The Bath
Hang garlands on the bathroom door;
Let all the passages be spruce;
For, lo, the victim comes once more,
And, ah, he struggles like the deuce!
Bring soaps of many scented sorts;
Let girls in pinafores attend,
With John, their brother, in his shorts,
To wash their dusky little friend,
Their little friend, the dusky dog,
Short-
egged and very obstinate,
Faced like a much-offended frog,
And fighting hard against his fate.
No Briton he!
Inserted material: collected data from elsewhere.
Lemma fin_gen_extension K P N (k : K -> P) (h : P -> N) :
  Rlinear k -> Rlinear h -> (forall y, exists x, h x = y) ->
  (forall x, h x = 0 -> exists z, x = k z) ->
  fin_gen K -> fin_gen N -> fin_gen P.
Proof.
move=> klin hlin hsurj hker [m [u hu]] [n [v hv]].
have [s hs] := choice hsurj.
apply: (fin_gen_cat (u := s \o v) (t := k \o u)) => x.
have [a ha] := hv (h x).
have [|z /eqP] := hker (x - \sum_(i < n) a i *: s (v i)).
  rewrite (RlinearB hlin) (Rlinear_comb hlin) ha; apply/eqP; rewrite subr_eq0.
  by apply/eqP/eq_bigr => i _; rewrite hs.
rewrite subr_eq => /eqP ->; have [b ->] := hu z.
by exists a, b; rewrite (Rlinear_comb klin) addrC.
Qed.

End FinGen.

Section DVR.
Variables (R : idomainType) (pi : R).
Hypothesis hR : is_DVR_uniformizer pi.

Lemma expf_pi_neq0 k : pi ^+ k != 0.
Proof. by case: hR => pi_neq0 _ _; rewrite expf_neq0. Qed.

Lemma dvr_dvd_total (a b : R) : (exists d, b = d * a) \/ (exists d, a = d * b).
Proof.
have [->|a0] := eqVneq a 0; first by right; exists 0; rewrite mul0r.
have [->|b0] := eqVneq b 0; first by left; exists 0; rewrite mul0r.
case: hR => _ _ hfact.
have [u [m [hu ->]]] := hfact a a0; have [w [k [hw ->]]] := hfact b b0.
wlog le_mk : u w m k hu hw / (m <= k)%N.
  move=> H; case: (leqP m k) => [|/ltnW] le; first exact: H.
  by rewrite or_comm; apply: H.
left; exists (w / u * pi ^+ (k - m)).
by rewrite mulrACA mulrVK // -exprD subnK.
Qed.

Lemma dvr_min_coef n (c : 'I_n -> R) i0 : c i0 != 0 ->
  exists2 j, c j != 0 & forall i, exists d, c i = d * c j.
Proof.
move=> ci0.
suff [j cj0 hj] : exists2 j, c j != 0 &
    forall i, i \in enum 'I_n -> exists d, c i = d * c j.
  by exists j => // i; apply: hj; rewrite mem_enum.
elim: (enum 'I_n) => [|i s [j cj0 hj]]; first by exists i0.
have [[d hd]|[d hd]] := dvr_dvd_total (c j) (c i).
- by exists j => // i'; rewrite inE => /predU1P [->|/hj]; first by exists d.
- have ci0' : c i != 0 by apply: contraNneq cj0 => ci0'; rewrite hd ci0' mulr0.
  exists i => // i'; rewrite inE => /predU1P [->|/hj [d' ->]].
    by exists 1; rewrite mul1r.
  by exists (d' * d); rewrite hd mulrA.
Qed.

End DVR.

Section Torsion.
Variables (R : idomainType) (E : lmodType R).

Definition torsion_free := forall (a : R) (x : E), a != 0 -> a *: x = 0 -> x = 0.

Definition pi_torsion_bound (pi : R) (N : nat) :=
  forall (x : E) k, pi ^+ k *: x = 0 -> pi ^+ N *: x = 0.

Lemma free_torsion_free : free_fin E -> torsion_free.
Proof.
case=> n [phi [philin [psi phiK psiK]]] a x a0 hax.
have hpsi : a *: psi x = 0.
  by rewrite -[a *: psi x]phiK (RlinearZ philin) psiK hax -(Rlinear0 philin) phiK.
have psix0 : psi x = 0.
  apply/rowP => i; have /rowP/(_ i)/eqP := hpsi.
  by rewrite !mxE mulf_eq0 (negPf a0) => /eqP.
by rewrite -[x]psiK psix0 (Rlinear0 philin).
Qed.
(* Let $u$ be a smooth solution of the problem below on $[0,T)$ with smooth initial data $u_0$, under either periodic or Dirichlet boundary conditions. Then for all $t\in[0,T)$ and $\alpha\in[0,1]$, with $\eta(t)$ the solution of $\dot\eta(t)=\bar{\mathcal K}_0(t)^{-2}$, $\eta(0)=0$, one has $\mathcal J(\alpha,t)>0$, $$\gamma_\alpha(\alpha,t)=\frac{\mathcal K_0(\alpha,t)}{\bar{\mathcal K}_0(t)},$$ and $$u_x(\gamma(\alpha,t),t)=\frac{1}{\eta(t)\,\bar{\mathcal K}_0(t)^2}\left(\frac{1}{\mathcal J(\alpha,t)}-\frac{\bar{\mathcal K}_1(t)}{\bar{\mathcal K}_0(t)}\right)$$ (for $t>0$).
   Context: The problem: $u_{xt}+u u_{xx}-u_x^2=-2\int_0^1 u_x^2\,dx$ for $t>0$, $x\in[0,1]$, $u(x,0)=u_0(x)$, with either periodic boundary conditions $u(0,t)=u(1,t)$, $u_x(0,t)=u_x(1,t)$ or Dirichlet boundary conditions $u(0,t)=u(1,t)=0$. The Lagrangian flow $\gamma(\alpha,t)$ is defined by $\dot\gamma(\alpha,t)=u(\gamma(\alpha,t),t)$, $\gamma(\alpha,0)=\alpha$, and $\gamma_\alpha=\partial\gamma/\partial\alpha$. Given the function $\eta(t)$, define $\mathcal J(\alpha,t)=1-\eta(t)u_0'(\alpha)$, $\mathcal K_i(\alpha,t)=\mathcal J(\alpha,t)^{-(i+1)}$ and $\bar{\mathcal K}_i(t)=\int_0^1\mathcal K_i(\alpha,t)\,d\alpha$ for $i=0,1$. *)

From Stdlib Require Import Reals Lra Classical ClassicalEpsilon.
Open Scope R_scope.

(* Riemann integral of f over [a,b]; 0 if f is not Riemann integrable
   (the value is independent of the integrability proof, RiemannInt_P5). *)
Definition RInt (f : R -> R) (a b : R) : R :=
  match excluded_middle_informative (exists pr : Riemann_integrable f a b, True) with
  | left H => RiemannInt (proj1_sig (constructive_indefinite_description _ H))
  | right _ => 0
  end.

Definition cont2_on (S : R -> R -> Prop) (f : R -> R -> R) : Prop :=
  forall x t, S x t -> forall eps, 0 < eps -> exists d, 0 < d /\
    forall x' t', Rabs (x' - x) < d -> Rabs (t' - t) < d ->
      Rabs (f x' t' - f x t) < eps.

Definition is_dx_on (S : R -> R -> Prop) (f g : R -> R -> R) : Prop :=
  forall x t, S x t -> derivable_pt_lim (fun y => f y t) x (g x t).

Definition is_dt_on (S : R -> R -> Prop) (f g : R -> R -> R) : Prop :=
  forall x t, S x t -> derivable_pt_lim (fun s => f x s) t (g x t).

(* C^infinity on (an open set) S: continuous, and both first-order partial
   derivatives exist on S and are again C^infinity on S. *)
CoInductive smooth_on (S : R -> R -> Prop) (f : R -> R -> R) : Prop :=
  | smooth_intro :
      cont2_on S f ->
      (exists fx, is_dx_on S f fx /\ smooth_on S fx) ->
      (exists ft, is_dt_on S f ft /\ smooth_on S ft) ->
      smooth_on S f.

Definition strip (delta T : R) : R -> R -> Prop := fun _ t => - delta < t < T.

Definition J (u0' eta : R -> R) (alpha t : R) : R := 1 - eta t * u0' alpha.

Definition K (i : nat) (u0' eta : R -> R) (alpha t : R) : R :=
  / (J u0' eta alpha t ^ (i + 1)).

Definition Kbar (i : nat) (u0' eta : R -> R) (t : R) : R :=
  RInt (fun a => K i u0' eta a t) 0 1.

From Pilot Require Import Defs.
From Stdlib Require Import Reals Lra Lia Psatz ZArith Classical ClassicalEpsilon FunctionalExtensionality.
From Coquelicot Require Import Coquelicot.
Open Scope R_scope.
Definition Qtheta (Rs : RootSys) (N : nat) (tau : C) (xi : nat -> C) : R :=
  match Rs with
  | TA => theta_norm (theta_s N) tau (sumC N xi) *
          prodR N (fun k => prodR k (fun j => theta_norm theta1 tau (xi k - xi j)))
  | _ => prodR N (fun l => single_factor Rs tau (xi l)) *
         prodR N (fun k => prodR k (fun j => pair_factor tau (xi k) (xi j)))
  end.

Lemma exp_split_mult (K a b c X Y : R) : a + b = c ->
  exp (K * a) * X * (exp (K * b) * Y) = exp (K * c) * X * Y.
Proof. intros <-; rewrite Rmult_plus_distr_l, exp_plus; ring. Qed.

Lemma prodR_gauss_Cmod (h : C -> R) (s : C -> C) (c : R) (N : nat) (tau : C) (xi : nat -> C) :
  (forall x, h x = exp (- (2 * PI / Im tau) * (c * Im x ^ 2)) * Cmod (s x) ^ 2) ->
  prodR N (fun l => h (xi l)) =
  exp (- (2 * PI / Im tau) * (c * sumR N (fun j => Im (xi j) ^ 2))) *
  Cmod (prodC N (fun l => s (xi l))) ^ 2.
Proof.
  intros Hh. rewrite (prodR_ext _ _ _ (fun l => Hh (xi l))), prodR_exp_Cmod, sumR_scal_l.
  reflexivity.
Qed.

Lemma prodR_theta_norm_diff (N : nat) (tau : C) (xi : nat -> C) :
  prodR N (fun k => prodR k (fun j => theta_norm theta1 tau (xi k - xi j))) =
  exp (- (2 * PI / Im tau) *
       sumR N (fun k => sumR k (fun j => (Im (xi k) - Im (xi j)) ^ 2))) *
  Cmod (prodC N (fun k => prodC k (fun j => theta1 (xi k - xi j) tau))) ^ 2.
Proof.
  rewrite <- prodR_exp_Cmod. apply prodR_ext; intros k.
  rewrite <- prodR_exp_Cmod. apply prodR_ext; intros j.
  unfold theta_norm; rewrite Im_Cminus; reflexivity.
Qed.

Lemma prodR_pair_factor (N : nat) (tau : C) (xi : nat -> C) :
  prodR N (fun k => prodR k (fun j => pair_factor tau (xi k) (xi j))) =
  exp (- (2 * PI / Im tau) * (2 * (INR N - 1) * sumR N (fun j => Im (xi j) ^ 2))) *
  Cmod (Pfac N xi tau) ^ 2.
Proof.
  unfold Pfac; rewrite <- sumR_pairs_sq_sub_add_sq_add, <- prodR_exp_Cmod.
  apply prodR_ext; intros k.
  rewrite <- prodR_exp_Cmod. apply prodR_ext; intros j.
  unfold pair_factor, theta_norm.
  rewrite Im_Cminus, im_plus, Cmod_mult, Rpow_mult_distr, Rmult_plus_distr_l, exp_plus; ring.
Qed.

Lemma prodR_pair_factor_split (N : nat) (tau : C) (xi : nat -> C) (c e single : R) (X : C) :
  single = exp (- (2 * PI / Im tau) * (c * sumR N (fun j => Im (xi j) ^ 2))) * Cmod X ^ 2 ->
  e = c + 2 * (INR N - 1) ->
  single * prodR N (fun k => prodR k (fun j => pair_factor tau (xi k) (xi j))) =
  exp (- (2 * PI / Im tau) * (e * sumR N (fun j => Im (xi j) ^ 2))) * 1 *
  Cmod (X * Pfac N xi tau) ^ 2.
Proof.
  intros -> ->.
  rewrite prodR_pair_factor, Cmod_mult, Rmult_plus_distr_r, Rmult_plus_distr_l, exp_plus.
  ring.
Qed.

Lemma prodC_const_1 (n : nat) : prodC n (fun _ => 1%C) = 1%C.
Proof. induction n as [|n IH]; simpl; [reflexivity | rewrite IH; apply Cmult_1_l]. Qed.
From palace-born
Chinese patricians he descends;
He keeps their high ancestral scorn;
His spirit breaks, but never bends.
Our water-ways he fain would 'scape;
He hates the customary bath
That thins his tail and spoils his shape,
And turns him to a fur-clad lath;
And, seeing that the Pekinese
Have lustrous eyes that bulge like buds,
He fain would save such eyes as these,
Their owner's pride, from British suds.
Vain are his protests--in he goes.
His young barbarians crowd around;
They soap his paws, they soap his nose;
They soap wherever fur is found.
And soon, still laughing, they extract
His limpness from the darkling tide;
They make the towel's roughness act
On back and head and dripping side.
They shout and rub and rub and shout--
He deprecates their odious glee--
Until at last they turn him out,
A damp gigantic bumble-bee.
Released, he barks and rolls, and speeds
From lawn to lawn, from path to path,
And in one glorious minute needs
More soapsuds and another bath.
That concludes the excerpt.